In the instant action, Thomas failed to comply with two court orders warning him that failure to amend his pleadings in accordance with the court's instructions by the court-imposed deadlines would result in dismissal of his case without further notice. In the face of the Court's final warning, Thomas did nothing. Accordingly, under the circumstances, the Court finds that no alternatives short of dismissal will suffice. See, e.g., Tucker v. Watson, No. 1:21-cv-215-AW-GRJ, 2022 WL 1913014, *2 (N.D. Fla. Apr. 29, 2022), report and recommendation adopted at 2022 WL 191021 (Jun. 2, 2022); Hill v. Dunn, No. 1:17-305-KD-N, 2020 WL 428121, *3 (S.D. Ala. Jan. 27, 2020) (finding no alternatives short of sua sponte dismissal would suffice where pro se plaintiff abandoned his case).

Before dismissing a case, courts must consider whether a dismissal without prejudice would effectively be with prejudice because of the statute of limitations. Stephenson v. Warden, 554 Fed.Appx. 835, 838 (11th Cir. 2014). Generally, the statute of limitations for claims under Section 1983 in Florida is four years. Id. (“The statute of limitations for § 1983 claims is governed by the forum state's residual personal injury statute of limitations, which in Florida is four years.”). Here, Thomas does not cite to any date in either his initial complaint or in his amended complaint, so the Court cannot precisely ascertain whether his claims might be barred.

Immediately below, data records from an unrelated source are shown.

(* The [j]-th piece runs on the time window [[j, j + 1]] and is frozen at its final
   value afterwards, so that [glue t] is the sum of the increments over the windows up to [t]. *)
Definition glue : process PS D :=
  fun t k om => sumR (fun j => piece t j k om) (nat_above t).

Lemma piece_zero t j k om : t <= INR j -> piece t j k om = 0.
Proof. by move=> H; rewrite /piece clamp_le0; [case: (HXY j) => [_ []] | lra]. Qed.

Lemma glue_sumR t K k om : t <= INR K -> glue t k om = sumR (fun j => piece t j k om) K.
Proof.
move=> HK; have Ht := nat_above_gt t.
rewrite /glue -(@sumR_tail _ (nat_above t) (maxn (nat_above t) K)) ?leq_maxl // => [|j Hj _].
  rewrite (@sumR_tail _ K (maxn (nat_above t) K)) ?leq_maxr // => j Hj _.
  by apply: piece_zero; apply: Rle_trans HK (INR_leq Hj).
by apply: piece_zero; apply: Rlt_le; apply: Rlt_le_trans Ht (INR_leq Hj).
Qed.

Lemma glue0 k om : glue 0 k om = 0.
Proof. by rewrite (@glue_sumR 0 0) //=; apply: Rle_refl. Qed.

Lemma cylindrical_piece t j k : cylindrical (piece t j k).
Proof.
apply: (cylindrical_coord Sbar b j (fun w => XY j (clamp (t - INR j)) k w)).
by case: (HXY j) => [HP _]; apply: HP; apply: clamp_in.
Qed.

Lemma glue_proc : is_process Tpos glue.
Proof. by move=> t _ k; apply: cylindrical_sumR => j; apply: cylindrical_piece. Qed.

Lemma glue_window t j k om : INR j <= t <= INR j + 1 ->
  glue t k om = sumR (fun i => XY i 1 k (om i)) j + XY j (t - INR j) k (om j).
Proof.
move=> Ht; rewrite (glue_sumR t j.+1); last by rewrite S_INR; lra.
rewrite /= /piece clamp_id; last lra.
congr (_ + _); apply: sumR_ext => i Hi; rewrite clamp_ge1 //.
by have := INR_leq Hi; rewrite S_INR; lra.
Qed.

Lemma glue_incr_split J m u v q om :
  INR J <= u < INR J + 1 -> u < v -> v <= INR (J + (1 + m)) ->
  glue v q om - glue u q om =
  (XY J (clamp (v - INR J)) q (om J) - XY J (u - INR J) q (om J)) +
  sumR (fun j => piece v (J.+1 + j) q om) m.
Proof.
move=> Hu Huv Hv.
rewrite (glue_sumR v (J + (1 + m))) // (glue_sumR u (J + (1 + m))); last lra.
rewrite !sumR_split.
rewrite (@sumR_zero (fun j => piece u (J + (1 + j)) q om)) => [|j _]; last first.
  by apply: piece_zero; rewrite !INR_addn; have := pos_INR j; rewrite /=; lra.
rewrite (@sumR_ext (fun j => piece v (J + (1 + j)) q om) (fun j => piece v (J.+1 + j) q om))
  => [|j _]; last by rewrite addnA addn1.
rewrite (@sumR_ext (fun j => piece v j q om) (fun j => piece u j q om)) => [|j Hj]; last first.
  by rewrite /piece !clamp_ge1 //; have := INR_leq Hj; rewrite S_INR; lra.
by rewrite /= /piece addn0 (@clamp_id (u - INR J)); [ring | lra].
Qed.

See ECF Nos. 1, 5. However, the Arrest Form in Thomas's state court case is dated May 22, 2020. Presumably, then, the events giving rise to this lawsuit occurred in early 2020. If that is the case, notwithstanding Younger, the statute of limitations would not bar Thomas's claims were he to re-file prior to the expiration of the statute of limitations in 2024.

III. CONCLUSION

Accordingly, it is respectfully RECOMMENDED that this case should be DISMISSED without prejudice for failure to prosecute and for failure to comply with a court order.

NOTICE TO THE PLAINTIFF

Objections to these proposed findings and recommendations must be filed within fourteen (14) days after being served a copy thereof. Any different deadline that may appear on the electronic docket is for the court's internal use only, and does not control. A copy of objections shall be served upon all other parties. If Plaintiff fails to object to the magistrate judge's findings or recommendations as to any particular claim or issue contained in a report and recommendation, Plaintiff waives the right to challenge on appeal the district court's order based on the unobjected-to factual and legal conclusions. See 11th Cir. Rule 3-1; 28 U.S.C. § 636.


Summaries of

Thomas v. Nagel

United States District Court, Northern District of Florida
Sep 9, 2022
1:22-cv-79-AW-GRJ (N.D. Fla. Sep. 9, 2022)
Case details for

Thomas v. Nagel

Case Details

Full title:ANTHONY BERNARD THOMAS, Plaintiff, v. RYAN NAGEL, et al., Defendants.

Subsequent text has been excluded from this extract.